He is urging onward a team of four thin and exhausted horses; the
plowshare sinks into a stony and ungrateful soil. One being only is
active and alert in this scene of toil and sorrow. It is a fantastic
creature. A skeleton armed with a whip, who acts as plowboy to the old
laborer, and running along through the furrow beside the terrified
horses, goads them on. This is the specter Death, whom Holbein has
introduced allegorically into that series of religious and philosophic
subjects, at once melancholy and grotesque, entitled "The Dance of
Death."

* In toil and sorrow thou shalt eat
The bitter bread of poverty.
After the burden and the heat,
Lo! it is Death who calls for thee.

In this collection, or rather this mighty composition, where Death, who
plays his part on every page, is the connecting link and predominating
thought, Holbein has called up kings, popes, lovers, gamesters,
drunkards, nuns, courtesans, thieves, warriors, monks, Jews, and
travelers, - all the people of his time and our own; and everywhere the
specter Death is among them, taunting, threatening, and triumphing. He
is absent from one picture only, where Lazarus, lying on a dunghill at
the rich man's door, declares that the specter has no terrors for him;
probably because he has nothing to lose, and his existence is already a
life in death.

Is there comfort in this stoical thought of the half-pagan Christianity
of the Renaissance, and does it satisfy religious souls? The upstart,
the rogue, the tyrant, the rake, and all those haughty sinners who make
an ill use of life, and whose steps are dogged by Death, will be surely
punished; but can the reflection that death is no evil make amends for
the long hardships of the blind man, the beggar, the madman, and the
poor peasant? No! An inexorable sadness, an appalling fatality brood
over the artist's work. It is like a bitter curse, hurled against the
fate of humanity.

Holbein's faithful delineation of the society in which he lived is,
indeed, painful satire. His attention was engrossed by crime and
calamity; but what shall we, who are artists of a later date, portray?
Shall we look to find the reward of the human beings of to-day in
the contemplation of death, and shall we invoke it as the penalty of
unrighteousness and the compensation of suffering?

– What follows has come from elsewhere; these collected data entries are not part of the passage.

(* [T = (p_n, q_n, p_(n-1), q_(n-1))]; the last conjunct is
   [x = (p_n x_(n+1) + p_(n-1)) / (q_n x_(n+1) + q_(n-1))] with [x_(n+1) = cf_rem x (S n)]. *)
Definition cf_invariant (n : nat) (T : Z * Z * Z * Z) : Prop :=
  let '(p, q, p', q') := T in
  Z.abs (p * q' - p' * q) = 1%Z /\ (1 <= q)%Z /\ (Z.of_nat n <= q)%Z /\
  (0 <= q')%Z /\ ((0 < n)%nat -> (1 <= q')%Z) /\
  x * (IZR q * cf_rem x (S n) + IZR q') = IZR p * cf_rem x (S n) + IZR p'.

Lemma cf_pq_invariant n : cf_invariant n (cf_pq x n).
Proof.
  induction n as [|n IH].
  - change (cf_pq x 0) with (cf_digit x 0, 1%Z, 1%Z, 0%Z).
    repeat split; try lia.
    pose proof (cf_rem_expand 0) as E. pose proof (cf_rem_succ_gt1 0).
    change (cf_rem x 0) with x in E. rewrite E at 1. field. lra.
  - simpl cf_pq. destruct (cf_pq x n) as [[[p q] p'] q'].
    destruct IH as (Hdet & Hq & Hqn & Hq' & Hq'pos & Hx).
    pose proof (cf_digit_succ_pos n) as Ha.
    set (a := cf_digit x (S n)) in *.
    set (X := cf_rem x (S n)) in *. set (Y := cf_rem x (S (S n))).
    assert (HXY : X * Y = IZR a * Y + 1).
    { unfold X, Y, a. rewrite (cf_rem_expand (S n)) at 1.
      pose proof (cf_rem_succ_gt1 (S n)). field. lra. }
    repeat split; try lia.
    + rewrite Nat2Z.inj_succ.
      destruct n; [nia | specialize (Hq'pos ltac:(lia)); nia].
    + fold Y. rewrite !plus_IZR, !mult_IZR.
      apply Rminus_diag_uniq.
      transitivity ((x * (IZR q * X + IZR q') - (IZR p * X + IZR p')) * Y
                    + (IZR q * x - IZR p) * (IZR a * Y + 1 - X * Y)); [ring|].
      rewrite Hx, HXY. ring.
Qed.


Lemma cf_pq_succ n :
  cf_pq x (S n) = (cf_num x (S n), cf_den x (S n), cf_num x n, cf_den x n).
Proof.
  unfold cf_num, cf_den. simpl cf_pq.
  destruct (cf_pq x n) as [[[p q] p'] q']. reflexivity.
Qed.

Lemma cf_den_pos n : (1 <= cf_den x n)%Z.
Proof.
  pose proof (cf_pq_invariant n) as I. unfold cf_den.
  destruct (cf_pq x n) as [[[p q] p'] q']. apply I.
Qed.

Lemma cf_den_ge_index n : (Z.of_nat n <= cf_den x n)%Z.
Proof.
  pose proof (cf_pq_invariant n) as I. unfold cf_den.
  destruct (cf_pq x n) as [[[p q] p'] q']. apply I.
Qed.

Lemma cf_det n :
  Z.abs (cf_num x (S n) * cf_den x n - cf_num x n * cf_den x (S n)) = 1%Z.
Proof. pose proof (cf_pq_invariant (S n)) as I. rewrite cf_pq_succ in I. apply I. Qed.

Lemma cf_rem_mobius n :
  x * (IZR (cf_den x (S n)) * cf_rem x (S (S n)) + IZR (cf_den x n))
  = IZR (cf_num x (S n)) * cf_rem x (S (S n)) + IZR (cf_num x n).
Proof. pose proof (cf_pq_invariant (S n)) as I. rewrite cf_pq_succ in I. apply I. Qed.

Lemma cf_errors_opposite n :
  (IZR (cf_den x n) * x - IZR (cf_num x n))
  * (IZR (cf_den x (S n)) * x - IZR (cf_num x (S n))) < 0.
Proof.
  pose proof (cf_rem_mobius n) as Hx. pose proof (cf_det n) as Hdet.
  pose proof (cf_rem_succ_gt1 (S n)) as HY.
  pose proof (cf_den_pos n) as Hq. pose proof (cf_den_pos (S n)) as HQ.
  set (p := cf_num x n) in *. set (q := cf_den x n) in *.
  set (P := cf_num x (S n)) in *. set (Q := cf_den x (S n)) in *.
  set (Y := cf_rem x (S (S n))) in *.
  set (d := (P * q - p * Q)%Z) in *.
  assert (Hd2 : IZR d * IZR d = 1).
  { rewrite <- mult_IZR. f_equal. destruct (Z.abs_spec d); lia. }
  assert (HqR : 1 <= IZR q) by (apply IZR_le; exact Hq).
  assert (HQR : 1 <= IZR Q) by (apply IZR_le; exact HQ).
  set (D := IZR Q * Y + IZR q).
  assert (HD : 0 < D) by (unfold D; nra).
  (* Multiplying both errors by [D] and using [x D = P Y + p] gives [Y d] and [- d]. *)
  assert (Hprod : (IZR q * x - IZR p) * (IZR Q * x - IZR P) * (D * D) = - Y).
  { transitivity (- Y * (IZR d * IZR d)); [|rewrite Hd2; ring].
    transitivity ((IZR q * (x * D) - IZR p * D) * (IZR Q * (x * D) - IZR P * D)); [ring|].
    unfold D. rewrite Hx. unfold d. rewrite minus_IZR, !mult_IZR. ring. }
  assert (0 < D * D) by nra. nra.
Qed.

Lemma cf_den_bracket s : (1 <= s)%Z ->
  exists n, (cf_den x n <= s < cf_den x (S n))%Z.
Proof.
  intros Hs.
  assert (Hk : forall k, (s < cf_den x k)%Z -> exists n, (cf_den x n <= s < cf_den x (S n))%Z).
  { induction k as [|k IH]; intros Hk.
    - change (cf_den x 0) with 1%Z in Hk. lia.
    - destruct (Z_le_gt_dec (cf_den x k) s); [exists k; lia | apply IH; lia]. }
  apply (Hk (S (Z.to_nat s))). pose proof (cf_den_ge_index (S (Z.to_nat s))). lia.
Qed.

End ContinuedFraction.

No, henceforth, our business is not with death, but with life. We
believe no longer in the nothingness of the grave, nor in safety bought
with the price of a forced renunciation; life must be enjoyed in order
to be fruitful. Lazarus must leave his dunghill, so that the poor need
no longer exult in the death of the rich. All must be made happy, that
the good fortune of a few may not be a crime and a curse. As the laborer
sows his wheat, he must know that he is helping forward the work of
life, instead of rejoicing that Death walks at his side. We may
no longer consider death as the chastisement of prosperity or the
consolation of distress, for God has decreed it neither as the
punishment nor the compensation of life. Life has been blessed by Him,
and it is no longer permissible for us to leave the grave as the only
refuge for those whom we are unwilling to make happy.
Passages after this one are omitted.